Rotem Cooper said he is the oldest son of Aviram Cooper, soon to be 85, and Nurit Cooper, 79. My father Aviram was among the founders of Kibbutz Nir Oz. I grew up on Kibbutz Nir Oz [which] suffers maybe more than any other community. One out of four was either murdered or kidnaped in that community of 400. My father was among the pioneers who came to a piece of the desert to build a kibbutz. My mother came about five years later. That is where they met…”
“For us personally, it all started on that dreadful morning, the black Sabbath, the 7th of October. We heard there was a barrage; it was a Friday night here in San Diego. We were sitting in our sukkah. I called my parents. They told us that they needed to lock themselves in the safe room. We were able to talk to them a couple of times and then the phone got disconnected. We couldn’t connect with them anymore. It was many long hours until the soldiers came and that was when we learned that they were not at their home. The assumption was that they were kidnaped. The phone of my father was located in Gaza Strip, so we kind of assumed that they got kidnaped; they are there, most likely, but we didn’t know anything for sure. It was a long time – two weeks and two days – when the news about my mom all of a sudden surfaced. I was actually just in Washington D.C. as part of a delegation to meet with senators and such, when all of a sudden news about the release of my mother came out. Of course, I returned immediately and went back to Israel.”
He said there was “a lot of excitement” about his mother’s release and “sadness because my father is still there,” adding that 70 members of the Nir Oz community are still being held in Gaza. He said his mother had a “severely broken shoulder, but other than that she is okay,’ doing better every day. She is staying with Rotem’s sister, as there really ‘is no place to come back to; I have been to my parents’ house” and saw “the armor-piercing bullets that went through the door.” He said his parents, luckily, were not standing behind the door of the ‘safe room’ (fortified against rocket attacks, not against ground attack) like other members of the Nir Oz community did.
He said every fourth or fifth house in the kibbutz had been burned, or damaged with rocket-propelled grenades fired by the terrorists. “It is just unimaginable what happened in that community for 10 hours with no help with the IDF.”
Rabbis from three different Jewish movements offered prayers and reflections during the program. They included Conservative Rabbi Ron Schulman of Congregation Beth El; Reform Rabbi Alexis Berk of Temple Solel; and Reconstructionist Rabbi Yael Ridberg of Congregation Dor Hadash.
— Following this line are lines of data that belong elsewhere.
Definition lt_node (N : PNet) : relation (node N) := clos_trans _ (flowR N).
Definition le_node (N : PNet) : relation (node N) := clos_refl_trans _ (flowR N).

Definition conflict (N : PNet) (x y : node N) : Prop :=
  exists (p : place N) (t1 t2 : trans N),
    inl p <> x /\ inl p <> y /\ t1 <> t2 /\
    0 < pre N p t1 /\ 0 < pre N p t2 /\
    le_node N (inr t1) x /\ le_node N (inr t2) y.

Definition causally_related (N : PNet) (x y : node N) : Prop :=
  le_node N x y \/ le_node N y x.

Definition concurrent (N : PNet) (x y : node N) : Prop :=
  ~ causally_related N x y /\ ~ conflict N x y.

Definition enabled (N : PNet) (t : trans N) (M : place N -> nat) : Prop :=
  forall p, pre N p t <= M p.

Definition fire (N : PNet) (t : trans N) (M : place N -> nat) : place N -> nat :=
  fun p => M p - pre N p t + post N t p.

Inductive reachable (N : PNet) : (place N -> nat) -> Prop :=
| reach_init : reachable N (init N)
| reach_fire : forall M t, reachable N M -> enabled N t M -> reachable N (fire N t M).

Definition finite_net (N : PNet) : Prop :=
  (exists lp : list (place N), forall p, In p lp) /\
  (exists lt : list (trans N), forall t, In t lt).

Definition k_bounded (k : nat) (N : PNet) : Prop :=
  forall M, reachable N M -> forall p, M p <= k.

Definition occurrence_net (N : PNet) : Prop :=
  (forall p t, pre N p t <= 1) /\
  (forall t p, post N t p <= 1) /\
  (forall p t1 t2, 0 < post N t1 p -> 0 < post N t2 p -> t1 = t2) /\
  (forall p, init N p <= 1 /\ (init N p = 1 <-> forall t, post N t p = 0)) /\
  well_founded (flowR N) /\
  (forall t : trans N, ~ conflict N (inr t) (inr t)).

Definition pairwise_concurrent (N : PNet) (C : place N -> Prop) : Prop :=
  forall p q, C p -> C q -> p <> q -> concurrent N (inl p) (inl q).

Definition cut (N : PNet) (C : place N -> Prop) : Prop :=
  pairwise_concurrent N C /\
  forall D : place N -> Prop,
    (forall p, C p -> D p) -> pairwise_concurrent N D -> forall p, D p -> C p.

Definition finite_set {X : Type} (C : X -> Prop) : Prop :=
  exists l : list X, forall x, C x -> In x l.

Definition mset_sum_on {X : Type} (Q : X -> Prop) (M : X -> nat) (n : nat) : Prop :=
  exists l : list X, NoDup l /\ (forall x, In x l -> Q x) /\
    (forall x, Q x -> 0 < M x -> In x l) /\ n = list_sum (map M l).

Definition mset_image {X Y : Type} (f : X -> Y) (M : X -> nat) (N : Y -> nat) : Prop :=
  forall y, mset_sum_on (fun x => f x = y) M (N y).

Definition homomorphism (N1 N2 : PNet)
  (lp : place N1 -> place N2) (lt : trans N1 -> trans N2) : Prop :=
  forall t, mset_image lp (fun p => pre N1 p t) (fun q => pre N2 q (lt t)) /\
            mset_image lp (fun p => post N1 t p) (fun q => post N2 (lt t) q).

Definition initial_homomorphism (N1 N2 : PNet)
  (lp : place N1 -> place N2) (lt : trans N1 -> trans N2) : Prop :=
  homomorphism N1 N2 lp lt /\ mset_image lp (init N1) (init N2).

Definition initial_branching_process (N NU : PNet)
  (lp : place NU -> place N) (lt : trans NU -> trans N) : Prop :=
  petri_net NU /\ occurrence_net NU /\ initial_homomorphism NU N lp lt /\
  (forall t1 t2, (forall p, pre NU p t1 = pre NU p t2) -> lt t1 = lt t2 -> t1 = t2).

From Stdlib Require Import List Arith Relations Lia Classical ClassicalEpsilon Wellfounded.
Import ListNotations.

(* Let X be a finite set of pairwise concurrent conditions of the unfolding. Its past is
   finite, and if it is nonempty it has a maximal transition t, whose postset meets X.
   Replacing the postset of t by its preset yields a pairwise concurrent set with a
   strictly smaller past; firing lambda(t) from a marking dominating its image gives a
   marking dominating lambda[X]. By induction lambda[X] is dominated by a reachable
   marking of N, so at most k conditions of a cut lie over any place of N, and N has
   finitely many places. *)

Lemma finite_set_incl {X} (F G : X -> Prop) :
  finite_set F -> (forall x, G x -> F x) -> finite_set G.
Proof. intros [l Hl] HGF. exists l. auto. Qed.

Lemma finite_set_list_union {A B} (l : list A) (F : A -> B -> Prop) :
  (forall a, In a l -> finite_set (F a)) -> finite_set (fun b => exists a, In a l /\ F a b).
Proof.
  induction l as [|a l IH]; intros Hfin.
  - exists []. intros b [a [[] _]].
  - destruct (Hfin a (or_introl eq_refl)) as [la Hla].
    destruct IH as [lr Hlr]; [intros; apply Hfin; now right|].
    exists (la ++ lr). intros b [a' [[<- | Ha'] Hb]]; apply in_or_app; eauto.
Qed.

Lemma finite_set_of_bounded_NoDup {X} (Q : X -> Prop) k :
  (forall L, NoDup L -> (forall x, In x L -> Q x) -> length L <= k) -> finite_set Q.
Proof.
  intros Hbound.
  enough (Hext : forall m L, k - length L = m -> NoDup L -> (forall x, In x L -> Q x) ->
                 finite_set Q)
    by (apply (Hext _ [] eq_refl); [constructor | intros _ []]).
  induction m as [m IH] using lt_wf_ind; intros L <- HL HLQ.
  destruct (classic (forall x, Q x -> In x L)) as [Hall | Hnot]; [now exists L|].
  apply not_all_ex_not in Hnot as [x Hx]. apply imply_to_and in Hx as [Qx HxL].
  assert (HxLnd : NoDup (x :: L)) by now constructor.
  assert (HxLQ : forall y, In y (x :: L) -> Q y) by (intros y [<- | Hy]; auto).
  pose proof (Hbound _ HxLnd HxLQ) as Hlen; simpl in Hlen.
  apply (IH (k - length (x :: L))) with (x :: L); auto. simpl; lia.
Qed.

Lemma length_filter_split {X} (f : X -> bool) l :
  length l = length (filter f l) + length (filter (fun x => negb (f x)) l).
Proof. induction l as [|a l IH]; simpl; auto. destruct (f a); simpl; lia. Qed.

Lemma length_filter_pos_le_sum {X} (M : X -> nat) l :
  length (filter (fun x => 0 <? M x) l) <= list_sum (map M l).
Proof.
  induction l as [|a l IH]; simpl; auto.
  destruct (0 <? M a) eqn:Ha; simpl; [apply Nat.ltb_lt in Ha|]; lia.
Qed.

Lemma length_filter_pos_eq_sum {X} (M : X -> nat) l :
  (forall x, In x l -> M x <= 1) -> length (filter (fun x => 0 <? M x) l) = list_sum (map M l).
Proof.
  induction l as [|a l IH]; simpl; intros H01; auto.
  specialize (IH (fun x Hx => H01 x (or_intror Hx))).
  pose proof (H01 a (or_introl eq_refl)).
  destruct (0 <? M a) eqn:Ha; simpl; [apply Nat.ltb_lt in Ha | apply Nat.ltb_ge in Ha]; lia.
Qed.

Lemma mset_sum_on_ge_length {X} (Q : X -> Prop) (M : X -> nat) n Y :
  mset_sum_on Q M n -> NoDup Y -> (forall y, In y Y -> Q y /\ 0 < M y) -> length Y <= n.
Proof.
  intros [l [_ [_ [Hcov ->]]]] HY HYQ.
  eapply Nat.le_trans; [|apply length_filter_pos_le_sum].
  apply NoDup_incl_length; auto.
  intros y Hy. destruct (HYQ y Hy). apply filter_In. split; auto. now apply Nat.ltb_lt.
Qed.

Lemma mset_sum_on_set_support {X} (Q : X -> Prop) (M : X -> nat) n :
  mset_sum_on Q M n -> (forall x, M x <= 1) ->
  exists Z, NoDup Z /\ length Z = n /\ forall z, In z Z -> Q z /\ 0 < M z.
Proof.
  intros [l [Hl [HlQ [_ ->]]]] H01.
  exists (filter (fun x => 0 <? M x) l). split; [now apply NoDup_filter|split].
  - apply length_filter_pos_eq_sum. auto.
  - intros z Hz. apply filter_In in Hz as [Hzl Hz]. split; auto. now apply Nat.ltb_lt.
Qed.

Lemma exists_maximal_in_list {A} (R : A -> A -> Prop) (P : A -> Prop) :
  (forall x y z, R x y -> R y z -> R x z) -> (forall x, ~ R x x) ->
  forall l, (exists a, In a l /\ P a) -> exists m, In m l /\ P m /\ forall y, In y l -> P y -> ~ R m y.
Proof.
  intros Htrans Hirr.
  induction l as [|a l IH]; intros [a0 [Ha0 Pa0]]; [destruct Ha0|].
  destruct (classic (exists b, In b l /\ P b)) as [Hb | Hb].
  - destruct (IH Hb) as [m [Hm [Pm Hmax]]].
    destruct (classic (P a /\ R m a)) as [[Pa Rma] | Hnot].
    + exists a. split; [now left|split; auto].
      intros y [<- | Hy] Py Ray; [exact (Hirr _ Ray)|].
      exact (Hmax y Hy Py (Htrans _ _ _ Rma Ray)).
    + exists m. split; [now right|split; auto].
      intros y [<- | Hy] Py Rmy; [apply Hnot; auto | exact (Hmax y Hy Py Rmy)].
  - assert (a0 = a) as ->.
    { destruct Ha0 as [-> | Ha0]; auto. exfalso; apply Hb; eauto. }
    exists a. split; [now left|split; auto].
    intros y [<- | Hy] Py Ray; [exact (Hirr _ Ray) | apply Hb; eauto].
Qed.

Section Causality.

Variable N : PNet.

Lemma lt_node_irrefl : well_founded (flowR N) -> forall x, ~ lt_node N x x.
Proof.
  intros Hwf x. induction (wf_clos_trans _ _ Hwf x) as [x _ IH]. intros Hxx. exact (IH x Hxx Hxx).
Qed.

Lemma le_node_flow_lt x y z : le_node N x y -> flowR N y z -> lt_node N x z.
Proof. intros Hxy Hyz. eapply clos_rt_t; [exact Hxy | now apply t_step]. Qed.

Lemma flow_le_node_lt x y z : flowR N x y -> le_node N y z -> lt_node N x z.
Proof.
  intros Hxy Hyz. apply clos_rt_rtn1 in Hyz. induction Hyz as [|z w Hzw _ IH].
  - now apply t_step.
  - eapply t_trans; [exact IH | now apply t_step].
Qed.

Lemma le_node_from_trans t x :
  le_node N (inr t) (inl x) -> exists p, 0 < post N t p /\ le_node N (inl p) (inl x).
Proof.
  intros H. apply clos_rt_rt1n in H. inversion H as [|[p | t'] b Hf Hr]; subst.
  - exists p. split; [exact Hf | now apply clos_rt1n_rt].
  - unfold flowR in Hf; simpl in Hf; lia.
Qed.

Lemma le_node_from_place z x :
  le_node N (inl z) (inl x) -> z <> x -> exists t, 0 < pre N z t /\ le_node N (inr t) (inl x).
Proof.
  intros H Hne. apply clos_rt_rt1n in H. inversion H as [|[p | t] b Hf Hr]; subst; [congruence| |].
  - unfold flowR in Hf; simpl in Hf; lia.
  - exists t. split; [exact Hf | now apply clos_rt1n_rt].
Qed.

Lemma le_node_to_trans t' t :
  le_node N (inr t') (inr t) -> t' = t \/ exists p, 0 < pre N p t /\ le_node N (inr t') (inl p).
Proof.
  intros H. apply clos_rt_rtn1 in H. inversion H as [|[p | t''] b Hf Hr]; subst; [now left| |].
  - right. exists p. split; [exact Hf | now apply clos_rtn1_rt].
  - unfold flowR in Hf; simpl in Hf; lia.
Qed.

Lemma le_node_to_place t' p :
  le_node N (inr t') (inl p) -> exists t, 0 < post N t p /\ le_node N (inr t') (inr t).
Proof.
  intros H. apply clos_rt_rtn1 in H. inversion H as [|[p' | t] b Hf Hr]; subst.
  - unfold flowR in Hf; simpl in Hf; lia.
  - exists t. split; [exact Hf | now apply clos_rtn1_rt].
Qed.

Lemma concurrent_sym x y : concurrent N x y -> concurrent N y x.
Proof.
  intros [Hcaus Hconf]. split.
  - intros [H | H]; apply Hcaus; [right | left]; exact H.
  - intros [p [t1 [t2 [? [? [? [? [? [? ?]]]]]]]]]. apply Hconf.
    exists p, t2, t1. repeat split; auto.
Qed.

End Causality.

Section OccurrenceNet.

Variable NU : PNet.
Hypothesis Hwf : well_founded (flowR NU).
Hypothesis Hno_self_conflict : forall t, ~ conflict NU (inr t) (inr t).

Lemma finite_past :
  petri_net NU -> (forall p t1 t2, 0 < post NU t1 p -> 0 < post NU t2 p -> t1 = t2) ->
  forall x, finite_set (fun t => le_node NU (inr t) x).
Proof.
  intros [_ [Hpre _]] Huniq x. induction x as [x IH] using (well_founded_ind Hwf).
  destruct x as [p | t].
  - destruct (classic (exists t, 0 < post NU t p)) as [[t0 Ht0] | Hnone].
    + apply (finite_set_incl _ _ (IH (inr t0) Ht0)).
      intros t' Ht'. destruct (le_node_to_place _ _ _ Ht') as [t [Ht Hle]].
      now rewrite (Huniq _ _ _ Ht Ht0) in Hle.
    + exists []. intros t' Ht'. destruct (le_node_to_place _ _ _ Ht') as [t [Ht _]].
      exfalso; eauto.
  - destruct (Hpre t) as [[lpre Hlpre] _].
    destruct (finite_set_list_union lpre
                (fun p t' => 0 < pre NU p t /\ le_node NU (inr t') (inl p))) as [l Hl].
    { intros p _. destruct (Nat.lt_ge_cases 0 (pre NU p t)) as [Hp | Hp].
      - apply (finite_set_incl _ _ (IH (inl p) Hp)). now intros t' [_ H].
      - exists []. intros t' [H _]; lia. }
    exists (t :: l). intros t' Ht'. destruct (le_node_to_trans _ _ _ Ht') as [-> | [p [Hp Hle]]].
    + now left.
    + right. apply Hl. eauto.
Qed.

Lemma preset_not_le t z1 z2 :
  0 < pre NU z1 t -> 0 < pre NU z2 t -> z1 <> z2 -> ~ le_node NU (inl z1) (inl z2).
Proof.
  intros Hz1 Hz2 Hne Hle. destruct (le_node_from_place _ _ _ Hle Hne) as [t1 [Ht1 Hle1]].
  destruct (classic (t1 = t)) as [-> | Hne1].
  - apply (lt_node_irrefl _ Hwf (inr t)). now apply le_node_flow_lt with (inl z2).
  - apply (Hno_self_conflict t). exists z1, t1, t. repeat split; try discriminate; auto.
    + eapply rt_trans; [exact Hle1 | now apply rt_step].
    + apply rt_refl.
Qed.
Other participants included Betzy Lynch, chief executive officer of the Lawrence Family JCC and Israeli poet Maya Tevet Dayan, who currently is a guest lecturer at San Diego State University.
The program also included a violin solo of “Eli, Eli” as photographs of the hostages were flashed on the screen, as well as a showing of the video, “Planet of Tears” about Hersh Goldberg-Polin, narrated by his mother Rachel. She said that Hersh was among the attendees of the musical “Festival of Unity and Love” in southern Israel, where more than 200 people, mostly young men and women, were slaughtered by the Hamas terrorists.
One of Hersh’s arms was blown off from the elbow by the blast of a grenade thrown into the bomb shelter where he fled for safety. Hersh’s cellphone was traced to Gaza on the morning of October 7, and “since then,” said his mother, “we know nothing.”
Before the vigil was ended, a quiet moment of reflection was called for “to think about how we can act.” There appeared on the screen a poignant image from Leichtag Commons in Encinitas of some 240 empty chairs, each with a picture of a hostage taped to its back and a yellow bouquet placed on its seat.